Chibchan language spoken in Colombia

Arhuaco, commonly known as Ikʉ (Ikʉ) (also known as Aruaco, Bintuk, Bíntukua, Bintucua, Ica, Ijca, Ijka, Ika, and Ike) is a Chibchan language, spoken in Colombia by the Arhuaco people.

There are 8,000 speakers, all in the Sierra Nevada de Santa Marta region of Colombia, 90% of whom are monolingual. They have a very strong traditional culture and have vibrant use of their tongue. Literacy is 1 to 5% in their native language. Some speak Spanish, and 15 to 25% are literate in it.

==Phonology==

Vowels
|  | Front | Central | Back |
|---|---|---|---|
| Close | i ⟨i⟩ | ɨ ⟨ʉ⟩ | u ⟨u⟩ |
| Mid | e ⟨e⟩ | ə ⟨y⟩ | o ⟨o⟩ |
| Open |  | a ⟨a⟩ |  |

- //ə// is raised to and merged with //ɨ// word finally.

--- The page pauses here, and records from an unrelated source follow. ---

(* Let $t=t(n)$. If $t=o(\log n)$, then $$\lim_{n\to\infty}\frac{\log M_{K_{t,t}}(n)}{\binom{n}{2}}=1.$$ If $t=c\log n$ for some constant $c>0$, then $$\lim_{n\to\infty}\frac{\log M_{K_{t,t}}(n)}{\binom{n}{2}}\leq1-2^{-\frac{2}{c}}.$$
   Context: Logarithms are base 2. $K_{t,t}$ is the complete bipartite graph with both parts of size $t$. For graphs $G,G'$ on the same vertex set $[n]$, their symmetric difference $G\oplus G'$ is the graph on $[n]$ whose edge set consists of all edges belonging to exactly one of $G,G'$. For a graph $L$, $M_{L}(n)$ denotes the maximum possible size of a family $\mathcal{G}$ of graphs on vertex set $[n]$ such that for any two distinct $G,G'\in\mathcal{G}$, $G\oplus G'$ contains $L$ as a subgraph. *)

From Stdlib Require Import Reals.
From Coquelicot Require Import Coquelicot.
From mathcomp Require Import all_boot.

Set Implicit Arguments.
Unset Strict Implicit.
Unset Printing Implicit Defensive.

Definition is_graph (n : nat) (G : {set {set 'I_n}}) : bool :=
  [forall e in G, #|e| == 2%N].

Definition symdiff (n : nat) (G G' : {set {set 'I_n}}) : {set {set 'I_n}} :=
  (G :\: G') :|: (G' :\: G).

Definition contains_subgraph (m n : nat) (L : {set {set 'I_m}})
    (G : {set {set 'I_n}}) : bool :=
  [exists f : {ffun 'I_m -> 'I_n}, injectiveb f && [forall e in L, f @: e \in G]].

Definition Ktt (t : nat) : {set {set 'I_(t + t)}} :=
  [set [set lshift t i; rshift t j] | i : 'I_t, j : 'I_t].

Definition admissible (m n : nat) (L : {set {set 'I_m}})
    (F : {set {set {set 'I_n}}}) : bool :=
  [forall G in F, is_graph G] &&
  [forall G in F, forall G' in F, (G != G') ==> contains_subgraph L (symdiff G G')].

Definition M (m : nat) (L : {set {set 'I_m}}) (n : nat) : nat :=
  \max_(F : {set {set {set 'I_n}}} | admissible L F) #|F|.

Definition log2 (x : R) : R := (ln x / ln 2)%R.

Definition ratio (t : nat -> nat) (n : nat) : R :=
  (log2 (INR (M (Ktt (t n)) n)) / INR 'C(n, 2))%R.

From Stdlib Require Import Reals Lra Psatz.
From Coquelicot Require Import Coquelicot.
From mathcomp Require Import all_boot zify.

Set Implicit Arguments.
Unset Strict Implicit.
Unset Printing Implicit Defensive.

(* Write N = 'C(n, 2).  Lower bound: a maximum admissible family F is a
   covering code, i.e. every graph is G (+) D with G in F and D empty or
   K_{t,t}-free, so 2^N <= M * #(K_{t,t}-free graphs).  By Kovari-Sos-Turan,
   when (8r)^(t+1) <= n every K_{t,t}-free graph has at most N/r edges, and
   for any q > 0 there are at most (q+1)^N / q^(N - N/r) graphs that sparse;
   for t = o(log n) this holds for every fixed r, giving log M >= (1 - o(1)) N.
   Upper bound: members of an admissible family are determined by their edges
   outside any K_{t,t}-free graph D0, so M <= 2^(N - |D0|).  Counting the at
   most n^(2t) copies of K_{t,t} shows that some graph with pN edges is
   K_{t,t}-free as soon as n^2 p^t < 1, which for t ~ c log n holds for every
   p < 2^(-2/c). *)

Open Scope nat_scope.

Lemma card_bigcup_le (T I : finType) (P : pred I) (F : I -> {set T}) :
  #|\bigcup_(i | P i) F i| <= \sum_(i | P i) #|F i|.
Proof.
elim/big_rec2: _ => [|i k U _ leUk]; first by rewrite cards0.
by rewrite (leq_trans (leq_card_setU _ _).1) ?leq_add2l.
Qed.

Lemma card_le_sum_cover (T I : finType) (A : {set T}) (P : pred I) (F : I -> {set T}) :
  (forall x, x \in A -> exists2 i, P i & x \in F i) -> #|A| <= \sum_(i | P i) #|F i|.
Proof.
move=> coverA; apply: leq_trans (card_bigcup_le P F); apply/subset_leq_card/subsetP.
by move=> x /coverA [i Pi xFi]; apply/bigcupP; exists i.
Qed.

Lemma sum_mem_card (T : finType) (B : {pred T}) : \sum_x (x \in B : nat) = #|B|.
Proof. by rewrite -sum1_card [RHS]big_mkcond; apply: eq_bigr => x _; case: (x \in B). Qed.

Lemma card_small_subsets (T : finType) (A : {set T}) (k q : nat) : 0 < q -> k <= #|A| ->
  #|[set D : {set T} | (D \subset A) && (#|D| <= k)]| * q ^ (#|A| - k) <= q.+1 ^ #|A|.
Proof.
move=> q_gt0 leq_kA.
have -> : #|[set D : {set T} | (D \subset A) && (#|D| <= k)]| = \sum_(i < k.+1) 'C(#|A|, i).
  rewrite -sum1_card (partition_big (fun D : {set T} => inord #|D| : 'I_k.+1) predT) //=.
  apply: eq_bigr => i _; rewrite -(cards_draws A i) -sum1_card; apply: eq_bigl => D.
  rewrite !inE; case: (D \subset A) => //=.
  case: (leqP #|D| k) => h /=; first by rewrite -val_eqE /= inordK.
  by apply/esym/negP => /eqP E; have := ltn_ord i; lia.
rewrite big_distrl /= -[q.+1]addn1 expnDn.
apply: (@leq_trans (\sum_(i < k.+1) 'C(#|A|, i) * (q ^ (#|A| - i) * 1 ^ i))).
  apply: leq_sum => i _; rewrite exp1n muln1 leq_mul2l leq_pexp2l ?orbT //.
  by have := ltn_ord i; lia.
rewrite (big_ord_widen #|A|.+1 (fun i => 'C(#|A|, i) * (q ^ (#|A| - i) * 1 ^ i))) //.
by rewrite [X in X <= _]big_mkcond /=; apply: leq_sum => i _; case: (i < k.+1).
Qed.

Lemma card_supersets_le (T : finType) (A X : {set T}) (m : nat) : X \subset A ->
  #|[set D : {set T} | [&& D \subset A, #|D| == m & X \subset D]]| <= 'C(#|A| - #|X|, m - #|X|).
Proof.
move=> sXA.
have injD : {in [set D : {set T} | [&& D \subset A, #|D| == m & X \subset D]] &,
    injective (fun D => D :\: X)}.
  move=> D D'; rewrite !inE => /and3P [_ _ sXD] /and3P [_ _ sXD'] eqDX.
  apply/setP => y; case: (boolP (y \in X)) => yX.
    by rewrite (subsetP sXD _ yX) (subsetP sXD' _ yX).
  by move/setP: eqDX => /(_ y); rewrite !inE yX.
rewrite -(card_in_imset injD) -(cardsDS sXA) -cards_draws.
apply/subset_leq_card/subsetP => _ /imsetP [D + ->]; rewrite !inE => /and3P [sDA /eqP <- sXD].
by rewrite setSD //= cardsDS.
Qed.

(** * Admissible families *)

Section Graphs.
Variable n : nat.
Local Notation V := 'I_n.

Definition edges : {set {set V}} := [set e : {set V} | #|e| == 2].

Lemma card_edges : #|edges| = 'C(n, 2).
Proof. by rewrite card_draws card_ord. Qed.

Lemma is_graphE (G : {set {set V}}) : is_graph G = (G \subset edges).
Proof.
apply/forall_inP/subsetP => H e He; first by rewrite inE; exact: H.
by have := H e He; rewrite inE.
Qed.

Lemma symdiffC (G H : {set {set V}}) : symdiff G H = symdiff H G.
Proof. by rewrite /symdiff setUC. Qed.

Lemma symdiffK (G H : {set {set V}}) : symdiff G (symdiff G H) = H.
Proof. by apply/setP => x; rewrite !inE; case: (x \in G); case: (x \in H). Qed.

Lemma symdiffG0 (G : {set {set V}}) : symdiff G set0 = G.
Proof. by apply/setP => x; rewrite !inE; case: (x \in G). Qed.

Arhuaco has 17 consonant phonemes:

Consonants
|  |  | Labial | Alveolar | Alveolo- palatal | Velar | Glottal |
| Occlusive | voiceless | p ⟨p⟩ | t ⟨t⟩ | tʃ ⟨ch⟩ | k ⟨k⟩ | ʔ ⟨ꞌ⟩ |
| voiced | b ⟨b⟩ | d ⟨d⟩ | dʒ ⟨ɉ⟩ | ɡ ⟨g⟩ |  |
| Nasal |  | m ⟨m⟩ | n~ŋ ⟨n⟩ |  |  |  |
| Fricative | voiceless |  | s ⟨s⟩ |  |  | h ⟨j⟩ |
| voiced | β ⟨w⟩ | z ⟨z⟩ | ʒ ⟨zh⟩ |  |  |
| Flap |  |  | ɾ ⟨r⟩ |  |  |  |

=== Syllable structure ===
With some exceptions, Arhuaco syllables may begin with up to two consonants (the second of which must be a glide /w j/) and may be closed by /ʔ n r w/ or /j/.

=== Prosody ===
Arhuaco stress normally falls on penultimate syllables, with secondary stresses occurring on every other preceding syllable, in the case of longer words (e.g. /ˌunkəˈsia/ 'protective bracelet'). There are some affixes and enclitics that are extrametrical and do not count as syllables for stress assignment.

== Morphology ==

=== Personal pronouns ===

Arhuaco personal pronouns
| person | singular | plural |
|---|---|---|
| 1st | nən | niβi |
| 2nd | ma | miβi |
| 3rd | a | ikənaʔ |

Frank (1985, 34) lists six personal pronouns for Arhuaco, with singular and plural numbers for first, second, and third persons. They "do not occur very frequently in text; they occur occasionally in subject position, very rarely in object position, and most frequently as the object of a preposition".

Unusually, person marking in Arhuaco verbs has evolved to have effectively become a way to mark epistemic modality or evidentiality.

== Syntax ==
The language uses a subject–object–verb (SOV) sentence structure.